Collected data
Section DoubrovFerapontov.
Variables (A : comPzRingType) (D : hcoord -> A -> A) (X Y : A) (T Z g f : nat -> A).
Hypothesis HD : coord_diff_ring D X Y T Z.
Local Notation p1 := (phi1 Y Z g).
Local Notation p2 := (phi2 X T f).
Local Notation R := (bser A).

Let DD c : {morph D c : a b / a + b}. Proof. by move=> a b; case: HD. Qed.
Let DM c a b : D c (a * b) = D c a * b + a * D c b. Proof. by case: HD. Qed.
Let DC c c' a : D c (D c' a) = D c' (D c a). Proof. by case: HD. Qed.
Let Dcoord c c' : D c (coordval X Y T Z c') = if coord_eqb c c' then 1 else 0.
Proof. by case: HD. Qed.

Definition coord_degree (c : hcoord) : int :=
  match c with ct n => n%:Z | cz n => n%:Z | _ => 0 end.

Lemma phi1_der_supp_le c : supp_le (sD D c p1) (coord_degree c).
Proof.
move=> p hp; have p_gt0 : 0 < p by case: c hp => /= *; lia.
rewrite /sD /phi1 ifF ?p_gt0; last by apply/eqP; lia.
rewrite (Dcoord c (cz _)); case: c hp {p_gt0} => //= j hp; case: eqP => //; lia.
Qed.

Lemma phi2_der_supp_le c : supp_le (sD D c p2) (coord_degree c).
Proof.
move=> p hp; have p_gt0 : 0 < p by case: c hp => /= *; lia.
rewrite /sD /phi2 ifF ?p_gt0; last by apply/eqP; lia.
rewrite (Dcoord c (ct _)); case: c hp {p_gt0} => //= j hp; case: eqP => //; lia.
Qed.

Arguments phi1_der_supp_le : clear implicits.
Arguments phi2_der_supp_le : clear implicits.

Definition grad1 c : R := BSer _ (supp_le_bounded (phi1_der_supp_le c)).
Definition grad2 c : R := BSer _ (supp_le_bounded (phi2_der_supp_le c)).
Definition dR c : R -> R := bder (DD c).
Definition lam_eps c : R := lam A ^+ nz c.
Local Notation J := (jacobian grad1 grad2).

Let dRD c : {morph dR c : x y / x + y}. Proof. exact: bderD. Qed.
Let dRM c x y : dR c (x * y) = dR c x * y + x * dR c y. Proof. exact: (@bderM A (D c) (DD c) (DM c)). Qed.
Let dRC c c' x : dR c (dR c' x) = dR c' (dR c x).
Proof. by apply: bser_eq => n; rewrite /= /sder DC. Qed.
Let dR_lam_eps c c' : dR c' (lam_eps c) = 0. Proof. exact: bder_lamX. Qed.
Let grad1_closed c c' : dR c (grad1 c') = dR c' (grad1 c).
Proof. by apply: bser_eq => n; rewrite /= /sder /sD DC. Qed.
Let grad2_closed c c' : dR c (grad2 c') = dR c' (grad2 c).
Proof. by apply: bser_eq => n; rewrite /= /sder /sD DC. Qed.

Hypothesis HF : DF_hierarchy D p1 p2.

Lemma jacobian_neg_coef a b n : valid_coord a -> valid_coord b -> n < 0 ->
  bval (lam A ^+ (nz a + nz b) * J a b) n = 0.
Proof. by move=> ha hb hn; have := HF ha hb n; rewrite /sneg hn -sshift_lamX. Qed.
Arguments jacobian_neg_coef : clear implicits.

Lemma jacobian_xy : J cx cy = 1.
Proof.
have s1x := phi1_der_supp_le cx; have s2x := phi2_der_supp_le cx.
have s1y := phi1_der_supp_le cy; have s2y := phi2_der_supp_le cy.
apply: bser_eq => n; rewrite bval1 /delta.
case: (ltrP n 0) => hn.
  have := jacobian_neg_coef cx cy n erefl erefl hn.
  by rewrite expr0 mul1r => ->; rewrite ifF //; apply/eqP; lia.
rewrite bvalB !bvalM; case: (eqVneq n 0) => [->|n_ne0].
  rewrite -[0 in LHS]add0r !smul_top //= /sD /phi1 /phi2 /=.
  rewrite !(derivationN (DD _)) (Dcoord cx cx) (Dcoord cy cx) (Dcoord cx cy).
  by rewrite (Dcoord cy cy) /=; ring.
have n_gt0 : 0 + 0 < n by lia.
by rewrite (smul_supp_le s1x s2y n_gt0) (smul_supp_le s1y s2x n_gt0) subr0.
Qed.

Lemma lamD_grad1 c : lamD D c p1 = bval (lam_eps c * grad1 c).
Proof. exact: (sshift_lamX (nz c) (grad1 c)). Qed.

Lemma lamD_grad2 c : lamD D c p2 = bval (lam_eps c * grad2 c).
Proof. exact: (sshift_lamX (nz c) (grad2 c)). Qed.

Lemma VF_coef_x c : valid_coord c ->
  spos (det2 (lamD D c p1) (lamD D c p2) (sD D cy p1) (sD D cy p2)) = bval (lam_eps c * J c cy).
Proof.
move=> hc; rewrite lamD_grad1 lamD_grad2 (det2_bval _ _ (grad1 cy) (grad2 cy)).
have -> : lam_eps c * grad1 c * grad2 cy - lam_eps c * grad2 c * grad1 cy = lam_eps c * J c cy.
  by rewrite /jacobian; ring.
by apply: spos_id => n /(jacobian_neg_coef c cy n hc erefl); rewrite addn0.
Qed.

Lemma VF_coef_y c : valid_coord c ->
  spos (det2 (lamD D c p2) (lamD D c p1) (sD D cx p2) (sD D cx p1)) = bval (lam_eps c * J cx c).
Proof.
move=> hc; rewrite lamD_grad1 lamD_grad2 (det2_bval _ _ (grad2 cx) (grad1 cx)).
have -> : lam_eps c * grad2 c * grad1 cx - lam_eps c * grad1 c * grad2 cx = lam_eps c * J cx c.
  by rewrite /jacobian; ring.
by apply: spos_id => n /(jacobian_neg_coef cx c n erefl hc).
Qed.

Lemma VF_flat_field c s (G : hcoord -> R) : valid_coord c ->
    (forall c', bval (G c') = sD D c' s) ->
  VF D p1 p2 c s = bval (flat_field lam_eps grad1 grad2 c G).
Proof.
move=> hc hG; rewrite /VF VF_coef_x // VF_coef_y // /lamD -!hG sshift_lamX.
by apply: funext => n.
Qed.

Lemma VF_phi_eq0 c : valid_coord c -> forall k,
  VF D p1 p2 c p1 k = 0 /\ VF D p1 p2 c p2 k = 0.
Proof.
move=> hc k; rewrite (@VF_flat_field c p1 grad1) // (@VF_flat_field c p2 grad2) //.
by rewrite flat_field_e1 ?flat_field_e2 //; exact: jacobian_xy.
Qed.

Lemma VF_commute c1 c2 : valid_coord c1 -> valid_coord c2 ->
  vf_commute (VF D p1 p2 c1) (VF D p1 p2 c2).
Proof.
move=> h1 h2 u hu k; pose v : R := BSer u hu.
pose F c := flat_field lam_eps grad1 grad2 c (dR^~ v).
have VF_u c : valid_coord c -> VF D p1 p2 c u = bval (F c).
  by move=> hc; apply: VF_flat_field.
have VF_F c c' : valid_coord c ->
    VF D p1 p2 c (bval (F c')) = bval (flat_field lam_eps grad1 grad2 c (dR^~ (F c'))).
  by move=> hc; apply: VF_flat_field.
transitivity (VF D p1 p2 c1 (bval (F c2)) k); first by rewrite -VF_u.
rewrite VF_F // (flat_field_commute dRD dRM dRC dR_lam_eps grad1_closed grad2_closed jacobian_xy).
by rewrite -VF_F // -VF_u.
Qed.

End DoubrovFerapontov.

*INSTRUCTIONS TO FOLLOW*. The answer is the lines above between the line holding "Definition coord_degree (c" and the line holding "rewrite /sD /phi1", inclusive, each written out exactly, and no others.

*FINISHED EXERCISE*.
Definition coord_degree (c : hcoord) : int :=
  match c with ct n => n%:Z | cz n => n%:Z | _ => 0 end.

Lemma phi1_der_supp_le c : supp_le (sD D c p1) (coord_degree c).
Proof.
move=> p hp; have p_gt0 : 0 < p by case: c hp => /= *; lia.
rewrite /sD /phi1 ifF ?p_gt0; last by apply/eqP; lia.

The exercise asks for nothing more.